You might be wondering why we chose to use this fan-out approach of sending events from Micrometer to both Prometheus and New Relic, rather than making use of New Relic’s Prometheus integration. The reason is that the latter approach would have required us to scale and ensure the high availability of our Prometheus cluster.

Advantages of Micrometer

The use of Micrometer gives us several advantages. First, its close association with the Spring framework means that it works well with Spring and natively supports dependency injection. Second, the metrics are part of the application code which means we can easily have automated test coverage for those metrics, incorporating both unit and integration testing.  Micrometer is also vendor-neutral, so it provides us with some protection against vendor lock-in; you can think of it as analogous to SLF4J, but for metrics. To put this another way, we use New Relic because we find value in the product rather than because we are locked into it.
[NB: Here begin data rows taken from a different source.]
Lemma nesterov_rate (B : R) : exists C : R,
  forall (T : \bar R) (z1 z2 : R -> 'rV[R]_n) (tau : R -> R),
  is_sol gradL zeta M T z1 z2 tau -> tau 0 = 0 ->
  sqn (z1 0 - zs) + sqn (z2 0) <= B ->
  forall t, 1 <= t -> (t%:E < T)%E -> c * (L (z1 t) - L zs) * (t + 2) ^+ 2 <= C.
Proof.
set C1 := 9 / 4 * c * M ^+ 2 + 9 / 8 * c + 9 / 4.
set C2 := 9 / 4 * c * sqn (gradL zs).
exists (4 * (C1 * ((B + grow_shift) * expR grow_rate) + C2)).
move=> T z1 z2 tau sol tau0 init t t1 tT.
have C1_ge0 : 0 <= C1.
  have c0 := ltW c_gt0; have := mulr_ge0 c0 (sqr_ge0 M); rewrite /C1; lra.
have at_one : sqn (z1 1 - zs) + sqn (z2 1) <= (B + grow_shift) * expR grow_rate.
  have := nesterov_energy_at_one sol tau0 (le_lt_trans (lee_tofin t1) tT).
  have : sqn (z1 0 - zs) + sqn (z2 0) + grow_shift <= B + grow_shift by rewrite lerD2r.
  move=> /(ler_wpM2r (expR_ge0 grow_rate)); have := grow_shift_ge0; lra.
have := ler_wpM2l C1_ge0 at_one.
have := nesterov_lyapunov_one_le (z1 1) (z2 1); rewrite -/C1 -/C2.
have := nesterov_lyapunov_nonincreasing sol tau0 t t1 tT.
have := nesterov_lyapunov_ge t (z1 t) (z2 t).
lra.
Qed.

End nesterov_flow.

Theorem proposition5p6 (R : realType) (n : nat)
  (L : 'rV[R]_n -> R) (gradL : 'rV[R]_n -> 'rV[R]_n) (zs : 'rV[R]_n) (M zeta : R)
  (hgrad : is_gradient L gradL) (hC1 : continuous gradL)
  (hconv : convex_fun L) (hmin : unique_minimizer L zs)
  (hM : 0 < M) (hlip : lipschitz_euclid gradL M) (hzeta : 0 < zeta) :
  forall (eps : R), 0 < eps ->
  forall (K : set ('rV[R]_n * 'rV[R]_n)), compact K ->
  exists tstar : R, 0 < tstar /\
    forall (T : \bar R) (z1 z2 : R -> 'rV[R]_n) (tau : R -> R),
      is_maximal_sol gradL zeta M T z1 z2 tau ->
      K (z1 0, z2 0) -> tau 0 = 0 ->
      forall t : R, tstar <= t -> (t%:E < T)%E ->
        zeta ^+ 2 / M * (L (z1 t) - L zs) <= eps.
Proof.
move=> eps eps0 K cK.
have init_cont : continuous (fun p : 'rV[R]_n * 'rV[R]_n => sqn (p.1 - zs) + sqn p.2).
  move=> p; apply: cvgD; last by apply: cvg_dotv; exact: cvg_snd.
  by apply: cvg_dotv; apply: cvgB (cvg_cst _); exact: cvg_fst.
have [B init] := compact_continuous_ub cK init_cont.
have [C rate] := nesterov_rate zs hgrad hconv hM hlip hzeta B.
have C_eps_ge0 : 0 <= `|C| / eps by rewrite divr_ge0 // ltW.
exists (1 + `|C| / eps); split; first lra.
move=> T z1 z2 tau [sol _] Kz tau0 t tstar_t tT.
have t1 : 1 <= t by apply: le_trans tstar_t; rewrite lerDl.
have C_le : `|C| <= (t - 1) * eps by rewrite -ler_pdivrMr //; lra.
have := rate T z1 z2 tau sol tau0 (init _ Kz) t t1 tT.
have := ler_norm C; nra.
Qed.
Micrometer supports four main metric types:

  • Counters: Report a single metric, a count. The counter interface allows you to increment by a single, positive amount. One application for counters is to calculate the rate of change, so, for example, you can use a counter to calculate uptime and then use that to see when there was a restart of an application.
  • Gauges: A handle to get the current value, useful for monitoring something with natural upper bounds such as the size of a map or a collection, or the number of threads in a running state.
  • Timers: Intended for measuring short-duration latencies such as the execution of some part of the code.
  • Distribution summaries: Used to track the distribution of events, it includes the standard deviation, mean, and sample set for the particular metric.

Finally, Micrometer has a dimensional data model, which we find useful. Dimensional metrics have a metric value, which can be a scalar or a vector of double values, alongside tags, which are arbitrary sets of key-value pairs. Examples of tags might be your application name, the version of a particular library, and so on. This model allows you to perform aggregation and drill-down of the various metrics by different tags, which creates flexibility in terms of both investigations and creating the alerts.